8. Opening the eyes really wide as you take a breath will make the soft palate rise – but this won’t always be appropriate for the Presentation plan.

9. Think of opening the space at the very back and top of the nose – where it meets the throat.

10. Sing like an opera singer – but be careful not to make it a caricature (no oversized wobbly vibrato). Just be that opera singer singing a straight sound.

11. If these mental tricks fail, go to a mirror, open your mouth, drop the jaw, relax the tongue – and look at your relaxed throat (don’t say “Ah” yet). The little dangly thingy is attached to the part of the throat we want to raise. Now try saying “Ah” and see if everything rises. If for some reason it doesn’t, don’t give up. Just start moving the muscles at the back of the throat, and through trial and error, you’ll come across the right movement – the one that makes the dangly thing and the soft palate rise.

Now the real trick is to make this a habit.

About janetkidd

I've been waving my arms in front of choirs now for more than 35 years - and these are descriptions of all the very best things I've learned.
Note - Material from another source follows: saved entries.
(* Let $(X,d_X)$ be a proper, doubling metric space and $p\in X$, and assume $X$ is comparable $\eta$-self-quasisymmetric at $p$. Then $X$ admits an $\eta'$-quasisymmetric embedding into every proper weak tangent in $PWT_p(X)$, where $\eta'(t)=1/\eta^{-1}(1/t)$.
   Context: $\eta$ is a homeomorphism of $[0,\infty)$; a homeomorphism $f$ (onto its image) is $\eta$-quasisymmetric if $d(f(x),f(y))/d(f(x),f(z))\le\eta(d(x,y)/d(x,z))$ for $x\ne z$. $X$ is comparable $\eta$-self-quasisymmetric at $p$ if there are $r_p>0$ and $C_p>0$ such that for every $0<r<r_p$ there is a subset $U\subset B(p,r)$ with $p\in U$, $r/C_p\le\operatorname{diam}U\le C_pr$, and an $\eta$-quasisymmetric homeomorphism from $U$ onto $X$. Proper: closed balls compact; doubling: every set of diameter $d$ covered by a bounded number of sets of diameter $\le d/2$. A proper weak tangent of $X$ at $p$ is a pointed Gromov–Hausdorff limit of $(X,p,d_X/\lambda_n)$ with $\lambda_n\to0^+$ (pointed GH convergence $(X_n,p_n,d_n)\to(Z,z,d)$, $Z$ complete: for every $r,\varepsilon>0$, for large $n$ there is a map $g:B(p_n,r)\to Z$ with $g(p_n)=z$, additive distortion $<\varepsilon$, and $B(z,r-\varepsilon)$ in the $\varepsilon$-neighborhood of $g(B(p_n,r))$); $PWT_p(X)$ is the set of these. *)

From Stdlib Require Import Reals Lra List.
Open Scope R_scope.

Record MetricSpace := {
  carrier :> Type;
  dist : carrier -> carrier -> R;
  dist_refl : forall x, dist x x = 0;
  dist_sym : forall x y, dist x y = dist y x;
  dist_tri : forall x y z, dist x z <= dist x y + dist y z;
  dist_sep : forall x y, dist x y = 0 -> x = y
}.
Arguments dist {m} _ _.

Section MetricDefs.
Variable X : MetricSpace.

Definition ball (p : X) (r : R) : X -> Prop := fun x => dist p x < r.
Definition cball (p : X) (r : R) : X -> Prop := fun x => dist p x <= r.

Definition is_open (U : X -> Prop) : Prop :=
  forall x, U x -> exists e, 0 < e /\ forall y, dist x y < e -> U y.

Definition is_compact (K : X -> Prop) : Prop :=
  forall (I : Type) (U : I -> X -> Prop),
    (forall i, is_open (U i)) ->
    (forall x, K x -> exists i, U i x) ->
    exists l : list I, forall x, K x -> exists i, In i l /\ U i x.

Definition proper_space : Prop := forall p r, is_compact (cball p r).

Definition diam_le (A : X -> Prop) (D : R) : Prop :=
  forall x y, A x -> A y -> dist x y <= D.
Definition diam_ge (A : X -> Prop) (a : R) : Prop :=
  forall D, diam_le A D -> a <= D.

Definition doubling : Prop :=
  exists N : nat, forall (A : X -> Prop) (D : R),
    diam_le A D -> (forall D', diam_le A D' -> D <= D') ->
    exists B : nat -> X -> Prop,
      (forall i, diam_le (B i) (D / 2)) /\
      (forall x, A x -> exists i, (i < N)%nat /\ B i x).

Definition cauchy (u : nat -> X) : Prop :=
  forall e, 0 < e -> exists N, forall m n, (N <= m)%nat -> (N <= n)%nat ->
    dist (u m) (u n) < e.
Definition seq_converges (u : nat -> X) (l : X) : Prop :=
  forall e, 0 < e -> exists N, forall n, (N <= n)%nat -> dist (u n) l < e.
Definition complete_space : Prop :=
  forall u, cauchy u -> exists l, seq_converges u l.

End MetricDefs.

Definition cont_on_nonneg (g : R -> R) : Prop :=
  forall t, 0 <= t -> forall e, 0 < e -> exists d, 0 < d /\
    forall s, 0 <= s -> Rabs (s - t) < d -> Rabs (g s - g t) < e.

Definition homeo_nonneg (eta : R -> R) : Prop :=
  (forall t, 0 <= t -> 0 <= eta t) /\
  (forall s t, 0 <= s -> 0 <= t -> eta s = eta t -> s = t) /\
  (forall u, 0 <= u -> exists t, 0 <= t /\ eta t = u) /\
  cont_on_nonneg eta /\
  (exists inv : R -> R,
     (forall u, 0 <= u -> 0 <= inv u /\ eta (inv u) = u) /\
     cont_on_nonneg inv).

Definition qs_embedding_on {X Y : MetricSpace} (eta : R -> R)
    (U : X -> Prop) (f : X -> Y) : Prop :=
  (forall x x', U x -> U x' -> f x = f x' -> x = x') /\
  (forall x, U x -> forall e, 0 < e -> exists d, 0 < d /\
     forall x', U x' -> dist x x' < d -> dist (f x) (f x') < e) /\
  (forall x, U x -> forall e, 0 < e -> exists d, 0 < d /\
     forall x', U x' -> dist (f x) (f x') < d -> dist x x' < e) /\
  (forall x y z, U x -> U y -> U z -> x <> z ->
     dist (f x) (f y) / dist (f x) (f z) <= eta (dist x y / dist x z)).
(* Let $R(x,t)>0$, $V_x(x,r,t)$, $V_r(x,r,t)$ be smooth on $\{0\le r\le R(x,t)\}$, and assume the incompressibility condition $\frac{\partial (rV_r)}{\partial r}+r\frac{\partial V_x}{\partial x}=0$ and the streamline boundary condition $\frac{\partial R}{\partial t}+V_x|_{r=R}\frac{\partial R}{\partial x}=V_r|_{r=R}$. Let $D>0$, let $C(x,t)$ be smooth, define $\eta$, $\tilde\eta=\eta-\langle\eta\rangle$ and $\tilde V_x = V_x-\langle V_x\rangle$ as in the context. Suppose $G_2=G_2(x,t)$ (independent of $r$) and a smooth function $W_2(x,r,t)$ with $r\,\partial W_2/\partial r\to 0$ as $r\to0$ and $\frac{\partial W_2}{\partial r}(x,R(x,t),t)=0$ satisfy $$\mathcal{L}W_2 = \frac{\partial}{\partial t}\Big(\frac{\partial C}{\partial x}\tilde\eta\Big) + G_2 - \tilde\eta\,\frac{\partial}{\partial x}\Big(\frac{\partial C}{\partial x}\langle V_x\rangle\Big) + V_x\frac{\partial}{\partial x}\Big(\frac{\partial C}{\partial x}\tilde\eta\Big) + V_r\,\frac{\partial C}{\partial x}\,\frac{\partial\tilde\eta}{\partial r}.$$ Then necessarily $$G_2 = -\frac{1}{R^2}\frac{\partial}{\partial x}\Big(\frac{\partial C}{\partial x}\,\big\langle R^2\,\eta\,\tilde V_x\big\rangle\Big).$$
   Context: Cylindrical coordinates $(x,r,\theta)$ with axial symmetry, vessel radius $R(x,t)$; $\mathcal{L}f = D\left(\frac{\partial^2 f}{\partial r^2}+\frac1r\frac{\partial f}{\partial r}\right)$. Radial average: $\langle f\rangle(x,t)=\frac{2}{R^2}\int_0^{R} f(x,r,t)\,r\,dr$. $\eta(x,r,t)=\frac{1}{D}\int_0^r\frac{1}{z}\int_0^z\big(V_x(x,s,t)-\langle V_x\rangle(x,t)\big)s\,ds\,dz$. (The right-hand side of the equation for $W_2$ is what one obtains from the second equation of the center manifold hierarchy with $W_0=C$, $W_1=\frac{\partial C}{\partial x}\tilde\eta$, $G_1=-\langle V_x\rangle\frac{\partial C}{\partial x}$.) *)

From Stdlib Require Import Reals ClassicalEpsilon.
Open Scope R_scope.

(* Functions of (x, r, t) and of (x, t). *)
Definition F3 := R -> R -> R -> R.
Definition F2 := R -> R -> R.

(* The derivative of a one-variable function at y (the genuine derivative
   whenever it exists; an unspecified value otherwise). *)
Definition pderiv (g : R -> R) (y : R) : R :=
  epsilon (inhabits 0) (fun l => derivable_pt_lim g y l).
I direct a Women's Competitive Barbershop Chorus, a Men's Competitive Barbershop Chorus, a Med School choir, and for a few weeks each year - Big Choir (about 100 voices) - which performs at an annual fundraising concert. Hope at least some of these Choral Magic Tricks will be useful to you - and thanks for reading. Janet

Posted on May 8, 2013, in Uncategorized and tagged . Bookmark the permalink. 4 Comments.

  1. Serena Ellington

    Thank you so much for the valuable information you share in your blogs. I direct a small, rural church choir and would like permission from you to copy your articles on the soft palate and cheeks up to pass out to my singers. It might inspire them to do some “homework.”


  2. Serena Ellington

    Thank you, Janet. I’ll be sure to credit you as author.

  3. Thank you for this post about the soft palate, Janet. I had been looking in my books and on the internet for this topic and then thought on a whim that I could search for it on Facebook. It’s exactly was looking for as I try to figure out how I want to teach some things to my school choirs come the fall.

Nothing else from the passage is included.